Danke für deinen *hervorragenden* Beitrag. Er hat mir anschaulich erklärt, worum es geht.

Ich fasse nochmals zusammen:

Vorteil (bidirektionale Assoziation gegenüber unidirektionaler Assoziation)
besseres Laufzeitverhalten (Performance)

Nachteil:
Bei Änderungen (z.B. wechselt ein Gast den Club) müssen 2 Seiten geändert werden müssen,  um sicherzustellen dass die Daten konsistent sind.
Unidirektionale Assoziationen sind dagegen viel einfacher zu warten.

Fragen:
1)
Weisst du noch ein paar weitere Punkte für Vor- und Nachteile?

2)
Wann soll man deiner Meinung nach unidirektionale Assoziationen, wann bidirektionale Assoziation verwenden?

mfg
Ernst


----------



## 0x7F800000 (1. Feb 2009)

ernst hat gesagt.:
			
		

> Danke für deinen *hervorragenden* Beitrag. Er hat mir anschaulich erklärt, worum es geht.


Bwoah, das ist ein recht außergewöhnliches Kompliment, normalerweise bin ich eher schlecht, was das erklären von allgemeinen sachen angeht, thx^^



> Vorteil (bidirektionale Assoziation gegenüber unidirektionaler Assoziation)
> besseres Laufzeitverhalten (Performance)

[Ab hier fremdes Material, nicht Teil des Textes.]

(* Let $G$ be a graph and $\overline{G}$ its $K_{n,n}$-augmentation. Then $G$ is circulant if and only if $\overline{G}$ is circulant.
   Context: A graph on $n$ vertices is circulant if its vertices can be numbered $v_0,\dots,v_{n-1}$ so that, for all $x,z,d$, whenever $v_x$ and $v_{(x+d)\bmod n}$ are adjacent, $v_z$ and $v_{(z+d)\bmod n}$ are adjacent. For a graph $G=(V,E)$ with $n$ vertices, a clone of $G$ is a graph $G'=(V',E')$ isomorphic to $G$ with $V\cap V'=\emptyset$; the $K_{n,n}$-augmentation of $G$ is the graph $\overline{G}$ with vertex set $V\cup V'$ and edge set $E\cup E'\cup\{\{v,w\}: v\in V, w\in V'\}$ (the join of $G$ with a clone). *)

From mathcomp Require Import all_boot.
Set Implicit Arguments. Unset Strict Implicit. Unset Printing Implicit Defensive.

Definition ord_addmod (n : nat) (x d : 'I_n) : 'I_n :=
  Ordinal (ltn_pmod (x + d) (leq_ltn_trans (leq0n x) (ltn_ord x))).

Definition circulant (T : finType) (e : rel T) : Prop :=
  exists v : 'I_#|T| -> T, bijective v /\
    forall x z d : 'I_#|T|,
      e (v x) (v (ord_addmod x d)) -> e (v z) (v (ord_addmod z d)).

(* K_{n,n}-augmentation: vertex set V ⊔ V' (V' a disjoint clone of V, here
   the right summand), edges E ∪ E' ∪ {all pairs between V and V'}. *)
Definition knn_aug (T : finType) (e : rel T) : rel (T + T)%type :=
  fun u w => match u, w with
             | inl a, inl b => e a b
             | inr a, inr b => e a b
             | _, _ => true
             end.

From mathcomp Require Import all_boot zify.
Set Implicit Arguments. Unset Strict Implicit. Unset Printing Implicit Defensive.

(* A circulant numbering is a labelling of the vertices by Z/n in which the
   adjacency of x and y depends only on y - x.  Interleaving such labellings of
   G and of its clone (even and odd residues mod 2n) labels the augmentation,
   because vertices at odd distance lie in different copies and are adjacent.
   Conversely, label the augmentation by Z/2n and let g be the least period of
   the pattern of copies.  Non-adjacent vertices lie in the same copy, so by
   translation invariance their difference is a period of that pattern, hence
   a multiple of g.  The positions of G thus form k residue classes mod g;
   listing them class by class in each block of length g numbers G cyclically:
   a shift by a multiple of k is a translation by a multiple of g, and any
   other shift changes the residue mod g, hence joins adjacent vertices. *)

Definition periodic (A : Type) (s : nat -> A) (p : nat) : Prop :=
  forall x, s (x + p) = s x.

Section Periods.

Variables (A : Type) (s : nat -> A).

Lemma periodicD p q : periodic s p -> periodic s q -> periodic s (p + q).
Proof. by move=> sp sq x; rewrite addnA sq sp. Qed.

Lemma periodicDr p q : periodic s (p + q) -> periodic s q -> periodic s p.
Proof. by move=> spq sq x; rewrite -sq -addnA spq. Qed.

Lemma periodicM p q : periodic s p -> periodic s (q * p).
Proof.
move=> sp; elim: q => [|q IHq] x; first by rewrite mul0n addn0.
by rewrite mulSn periodicD.
Qed.

Lemma periodic_modn p : periodic s p -> forall x, s (x %% p) = s x.
Proof. by move=> sp x; rewrite {2}(divn_eq x p) addnC periodicM. Qed.

End Periods.

Lemma fundamental_period (A : eqType) (s : nat -> A) n :
  0 < n -> periodic s n -> exists2 g, 0 < g & forall p, periodic s p <-> g %| p.
Proof.
move=> n_gt0 sn.
have periodicP p : reflect (periodic s p) (all (fun x => s (x + p) == s x) (iota 0 n)).
  apply: (iffP allP) => [sp x | sp x _]; last exact/eqP/sp.
  rewrite -(periodic_modn sn) -modnDml (periodic_modn sn) -[RHS](periodic_modn sn).
  by apply/eqP/sp; rewrite mem_iota ltn_pmod.
have ex_period : exists p, (0 < p) && all (fun x => s (x + p) == s x) (iota 0 n).
  by exists n; rewrite n_gt0; apply/periodicP.
case: (ex_minnP ex_period) => g /andP[g_gt0 /periodicP sg] g_min.
exists g => // p; split=> [sp | /dvdnP[q ->]]; last exact: periodicM.
have sr : periodic s (p %% g).
  by apply: (periodicDr (q := p %/ g * g)); [rewrite addnC -divn_eq | exact: periodicM].
rewrite /dvdn; apply: contraLR (ltn_pmod p g_gt0); rewrite -lt0n -leqNgt => r_gt0.
by apply: g_min; rewrite r_gt0; apply/periodicP.
Qed.

(* Indexed by nat and extended periodically, to avoid arithmetic in 'I_n. *)
Definition cyclic_numbering (T : finType) (e : rel T) (n : nat) (f : nat -> T) :=
  [/\ periodic f n,
      forall t, exists2 x, x < n & f x = t,
      {in [pred x | x < n] &, injective f}
    & forall x d, e (f x) (f (x + d)) = e (f 0) (f d)].

Section CyclicNumbering.

Variables (T : finType) (e : rel T) (n : nat) (f : nat -> T).
Hypothesis f_num : cyclic_numbering e n f.

Lemma cyclic_numbering_card : n = #|T|.
Proof.
case: f_num => _ f_surj f_inj _.
pose v (i : 'I_n) := f i.
have v_inj : injective v by move=> i j /(f_inj _ _ (ltn_ord i) (ltn_ord j)) /val_inj.
have v_surj : codom v =i T.
  by move=> t; have [x x_lt <-] := f_surj t; apply/codomP; exists (Ordinal x_lt).
by rewrite -(card_ord n) -(card_codom v_inj); apply: eq_card.
Qed.

Lemma cyclic_numbering_circulant : circulant e.
Proof.
have n_card := cyclic_numbering_card; case: f_num => f_per _ f_inj f_shift.
rewrite n_card in f_per f_inj.
have v_inj : injective (fun i : 'I_#|T| => f i).
  by move=> i j /(f_inj _ _ (ltn_ord i) (ltn_ord j)) /val_inj.
exists (fun i : 'I_#|T| => f i); split; first by apply: inj_card_bij v_inj _; rewrite card_ord.
by move=> x z d /=; rewrite !(periodic_modn f_per) f_shift -(f_shift z).
Qed.

Lemma cyclic_numbering_diff : 0 < n ->
  forall x y, exists2 d, x + d = y %[mod n] & e (f x) (f y) = e (f 0) (f d).
Proof.
case: f_num => f_per _ _ f_shift n_gt0 x y.
have x_mod_lt := ltn_pmod x n_gt0.
have x_eq := divn_eq x n.
have diff_mod : x + (y + (n - x %% n)) = y %[mod n].
  have -> : x + (y + (n - x %% n)) = (x %/ n).+1 * n + y by lia.
  exact: modnMDl.
exists (y + (n - x %% n)) => //.
by rewrite -(f_shift x) -(periodic_modn f_per (x + _)) diff_mod periodic_modn.
Qed.

End CyclicNumbering.

Lemma circulant_cyclic_numbering (T : finType) (e : rel T) :
  0 < #|T| -> circulant e -> exists f, cyclic_numbering e #|T| f.
Proof.
move=> T_gt0 [v [[w vK wK] v_shift]].
pose mod_ord x := Ordinal (ltn_pmod x T_gt0).
have mod_ordD x d : mod_ord (x + d) = ord_addmod (mod_ord x) (mod_ord d).
  by apply: val_inj; rewrite /= modnDm.
exists (v \o mod_ord); split=> /=.
- by move=> x; congr v; apply: val_inj; rewrite /= modnDr.
- move=> t; exists (w t) => //; rewrite -[RHS]wK; congr v.
  by apply: val_inj; rewrite /= modn_small.
- move=> x y x_lt y_lt /(bij_inj (Bijective vK wK)) /(congr1 val) /=.
  by rewrite !modn_small.
- move=> x d; have := mod_ordD 0 d; rewrite add0n => ->.
  by rewrite mod_ordD; apply/idP/idP; apply: v_shift.
Qed.

Lemma circulant_card0 (T : finType) (e : rel T) : #|T| = 0 -> circulant e.
Proof.
move=> T0.
have no_ord : 'I_#|T| -> False by case=> i; rewrite T0.
have no_vertex (t : T) : False by move: (max_card (pred1 t)); rewrite T0 card1.
exists (fun i => match no_ord i with end); split=> [|x]; last by case: (no_ord x).
by exists (fun t => match no_vertex t with end) => [i|t]; [case: (no_ord i)|case: (no_vertex t)].
Qed.

Lemma circulantP (T : finType) (e : rel T) :
  0 < #|T| -> circulant e <-> exists n f, cyclic_numbering e n f.
Proof.
move=> T_gt0; split=> [/(circulant_cyclic_numbering T_gt0) [f f_num] | [n [f]]].
  by exists #|T|, f.
exact: cyclic_numbering_circulant.
Qed.

Definition interleave (T : Type) (f : nat -> T) (y : nat) : T + T :=
  if odd y then inr (f y./2) else inl (f y./2).

Lemma interleave_cyclic_numbering (T : finType) (e : rel T) n f :
  cyclic_numbering e n f -> cyclic_numbering (knn_aug e) (n + n) (interleave f).
Proof.
case=> f_per f_surj f_inj f_shift.
have halfDdouble y z : (y + z.*2)./2 = y./2 + z.
  by rewrite halfD odd_double andbF add0n doubleK.
split.
- by move=> x; rewrite /interleave addnn oddD odd_double addbF halfDdouble f_per.
- case=> t; have [x x_lt <-] := f_surj t.
  + by exists x.*2; rewrite ?addnn ?ltn_double // /interleave odd_double doubleK.
  + exists x.*2.+1; first by rewrite addnn ltn_Sdouble.
    by rewrite /interleave /= odd_double uphalf_double.
- move=> x y; rewrite !inE addnn -!ltn_half_double => x_lt y_lt.
  rewrite /interleave => same; rewrite -(odd_double_half x) -(odd_double_half y).
  by move: same; case: (odd x); case: (odd y) => // -[/(f_inj _ _ x_lt y_lt) ->].
- move=> x d; rewrite /interleave /= oddD.
  case: (boolP (odd d)) => [|d_even]; first by case: (odd x).
  by rewrite halfD (negPf d_even) andbF add0n; case: (odd x); rewrite /= f_shift.
Qed.

Lemma knn_aug_nonadjacent_same_side (T : finType) (e : rel T) u w :
  knn_aug e u w = false -> is_inl u = is_inl w.
Proof. by case: u; case: w. Qed.

Section LeftRestriction.

Variables (T : finType) (e : rel T) (M : nat) (F : nat -> T + T) (t0 : T).
Hypotheses (M_gt0 : 0 < M) (F_num : cyclic_numbering (knn_aug e) M F).
Variable g : nat.
Hypotheses (g_gt0 : 0 < g) (g_period : forall p, periodic (is_inl \o F) p <-> g %| p).

Let F_per : periodic F M. Proof. by case: F_num. Qed.

Let F_shift x d : knn_aug e (F x) (F (x + d)) = knn_aug e (F 0) (F d).
Proof. by case: F_num. Qed.

Lemma period_dvdn_M : g %| M.
Proof. by apply/g_period => x /=; rewrite F_per. Qed.

Lemma is_inl_F_modg x : is_inl (F (x %% g)) = is_inl (F x).
Proof.
by apply: (periodic_modn (s := is_inl \o F)); apply/g_period.
Qed.

Lemma nonadjacent_eq_modg x y : knn_aug e (F x) (F y) = false -> x = y %[mod g].
Proof.
have [d xd_y ->] := cyclic_numbering_diff F_num M_gt0 x y => nonadj.
have /g_period/dvdnP[q d_eq] : periodic (is_inl \o F) d.
  by move=> z /=; apply/esym/(knn_aug_nonadjacent_same_side (e := e)); rewrite F_shift.
by rewrite -(modn_dvdm y period_dvdn_M) -xd_y modn_dvdm ?period_dvdn_M // d_eq addnC modnMDl.
Qed.

Let c := [seq r <- iota 0 g | is_inl (F r)].
Let k := size c.
Let h := M %/ g.

Definition left_index (i : nat) : nat := nth 0 c (i %% k) + i %/ k * g.

Definition left_numbering (i : nat) : T :=
  if F (left_index i) is inl t then t else t0.

Lemma mem_left_residues r : (r \in c) = (r < g) && is_inl (F r).
Proof. by rewrite mem_filter mem_iota add0n andbC. Qed.

Lemma left_residues_gt0 : 0 < k.
Proof.
case: F_num => _ F_surj _ _; have [x _ Fx] := F_surj (inl t0).
rewrite /k -has_predT; apply/hasP; exists (x %% g) => //.
by rewrite mem_left_residues ltn_pmod // is_inl_F_modg Fx.
Qed.

Lemma left_residue i : nth 0 c (i %% k) < g /\ is_inl (F (nth 0 c (i %% k))).
Proof. by apply/andP; rewrite -mem_left_residues mem_nth // ltn_pmod ?left_residues_gt0. Qed.

Lemma left_index_modg i : left_index i %% g = nth 0 c (i %% k).
Proof. by have [r_lt _] := left_residue i; rewrite /left_index addnC modnMDl modn_small. Qed.

Lemma left_index_divg i : left_index i %/ g = i %/ k.
Proof.
have [r_lt _] := left_residue i.
by rewrite /left_index addnC divnMDl // (divn_small r_lt) addn0.
Qed.

Lemma F_left_index i : F (left_index i) = inl (left_numbering i).
Proof.
have := is_inl_F_modg (left_index i); rewrite left_index_modg.
by case: (left_residue i) => _ ->; rewrite /left_numbering; case: (F _).
Qed.

Lemma left_index_inj : injective left_index.
Proof.
move=> i j same.
have /eqP : nth 0 c (i %% k) = nth 0 c (j %% k) by rewrite -!left_index_modg same.
rewrite nth_uniq ?ltn_pmod ?left_residues_gt0 ?filter_uniq ?iota_uniq // => /eqP ij_mod.
by rewrite (divn_eq i k) (divn_eq j k) -!left_index_divg same ij_mod.
Qed.

Lemma left_indexDM i q : left_index (i + q * k) = left_index i + q * g.
Proof.
rewrite /left_index (addnC i) modnMDl divnMDl ?left_residues_gt0 // mulnDl; lia.
Qed.

Lemma left_index_lt i : i < k * h -> left_index i < M.
Proof.
move=> i_lt; have [r_lt _] := left_residue i.
have q_lt : i %/ k < h by rewrite ltn_divLR ?left_residues_gt0 // mulnC.
rewrite -(divnK period_dvdn_M) -/h; apply: leq_trans (leq_mul q_lt (leqnn g)).
by rewrite /left_index mulSn ltn_add2r.
Qed.

Lemma left_index_surj x : x < M -> is_inl (F x) -> exists2 i, i < k * h & left_index i = x.
Proof.
move=> x_lt x_left.
have x_res : x %% g \in c by rewrite mem_left_residues ltn_pmod // is_inl_F_modg.
have j_lt : index (x %% g) c < k by rewrite index_mem.
have q_lt : x %/ g < h by rewrite ltn_divLR // divnK // period_dvdn_M.
exists (index (x %% g) c + x %/ g * k).
  apply: leq_trans (leq_mul (leqnn k) q_lt).
  by rewrite mulnS (mulnC k) ltn_add2r.
rewrite left_indexDM /left_index (modn_small j_lt) (divn_small j_lt) mul0n addn0.
by rewrite nth_index // addnC -divn_eq.
Qed.

Lemma left_index_adjacent i d :
  ~~ (k %| d) -> knn_aug e (F (left_index i)) (F (left_index (i + d))).
Proof.
apply: contraNT => /negbTE /nonadjacent_eq_modg /eqP.
rewrite !left_index_modg nth_uniq ?ltn_pmod ?left_residues_gt0 ?filter_uniq ?iota_uniq //.
by rewrite -{1}[i]addn0 eqn_modDl mod0n eq_sym.
Qed.

Lemma left_numbering_cyclic : cyclic_numbering e (k * h) left_numbering.
Proof.
have e_left a b : e (left_numbering a) (left_numbering b) =
    knn_aug e (F (left_index a)) (F (left_index b)) by rewrite !F_left_index.
case: F_num => _ F_surj F_inj _; split.
- by move=> i; rewrite /left_numbering mulnC left_indexDM divnK ?period_dvdn_M // F_per.
- move=> t; have [x x_lt Fx] := F_surj (inl t).
  have [|i i_lt ix] := left_index_surj x_lt; first by rewrite Fx.
  by exists i => //; move: (F_left_index i); rewrite ix Fx => -[].
- move=> i j i_lt j_lt same; apply/left_index_inj/F_inj; rewrite ?inE ?left_index_lt //.
  by rewrite !F_left_index same.
- move=> x d; rewrite !e_left; have [/dvdnP[q ->] | not_dvd] := boolP (k %| d).
    by have := left_indexDM 0 q; rewrite add0n => ->; rewrite left_indexDM !F_shift.
  by have := left_index_adjacent 0 not_dvd; rewrite add0n => ->; rewrite left_index_adjacent.
Qed.

End LeftRestriction.

Lemma knn_aug_cyclic_numbering (T : finType) (e : rel T) M F :
  0 < M -> cyclic_numbering (knn_aug e) M F -> exists n f, cyclic_numbering e n f.
Proof.
move=> M_gt0 F_num; have t0 : T by case: (F 0).
have [|g g_gt0 g_period] := @fundamental_period _ (is_inl \o F) M M_gt0.
  by case: F_num => F_per _ _ _ x /=; rewrite F_per.
by do 2!eexists; exact: (left_numbering_cyclic t0 M_gt0 F_num g_gt0 g_period).
Qed.

Theorem lemma10 (T : finType) (e : rel T) :
  symmetric e -> irreflexive e ->
  (circulant e <-> circulant (knn_aug e)).
Proof.
move=> _ _.
have [T0|T_gt0] := posnP #|T|.
  by split=> _; apply: circulant_card0; rewrite ?card_sum T0.
have TT_gt0 : 0 < #|{: T + T}| by rewrite card_sum addn_gt0 T_gt0.
split=> [/(circulantP _ T_gt0) [n [f f_num]] | /(circulantP _ TT_gt0) [M [F F_num]]].
  by apply/circulantP => //; exists (n + n), (interleave f); apply: interleave_cyclic_numbering.
have M_gt0 : 0 < M by rewrite (cyclic_numbering_card F_num).
by apply/(circulantP _ T_gt0); apply: knn_aug_cyclic_numbering F_num.
Qed.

ja, wenn du die verbindungen auch benutzst, versteht sich... Wenn man einfach so unnötige Referenzen reinpflanzt, sollte das die performance imho senken. Zumindest hat der GC schonmal mehr zu arbeiten, und das ist auch nicht kostenlos => immer so viel wie nötig, so wenig wie möglich und alles in Maßen...



> Nachteil:
> Bei Änderungen (z.B. wechselt ein Gast den Club) müssen 2 Seiten geändert werden müssen,  um sicherzustellen dass die Daten konsistent sind.
> Unidirektionale Assoziationen sind dagegen viel einfacher zu warten.


jo, aber da gewöhnt man sich dran. Wenn man weiß was man haben will, dann schafft man es meistens, da keine Fehler einzubauen.



> 1) Weisst du noch ein paar weitere Punkte für Vor- und Nachteile?


Die Referenzen kosten Speicherplatz. GC muss mehr absuchen (wie oben erwähnt).
Aber wenn man O(1) Zugriff braucht, kommt man da einfach nicht drumherum.



> 2)
> Wann soll man deiner Meinung nach unidirektionale Assoziationen, wann bidirektionale Assoziation verwenden?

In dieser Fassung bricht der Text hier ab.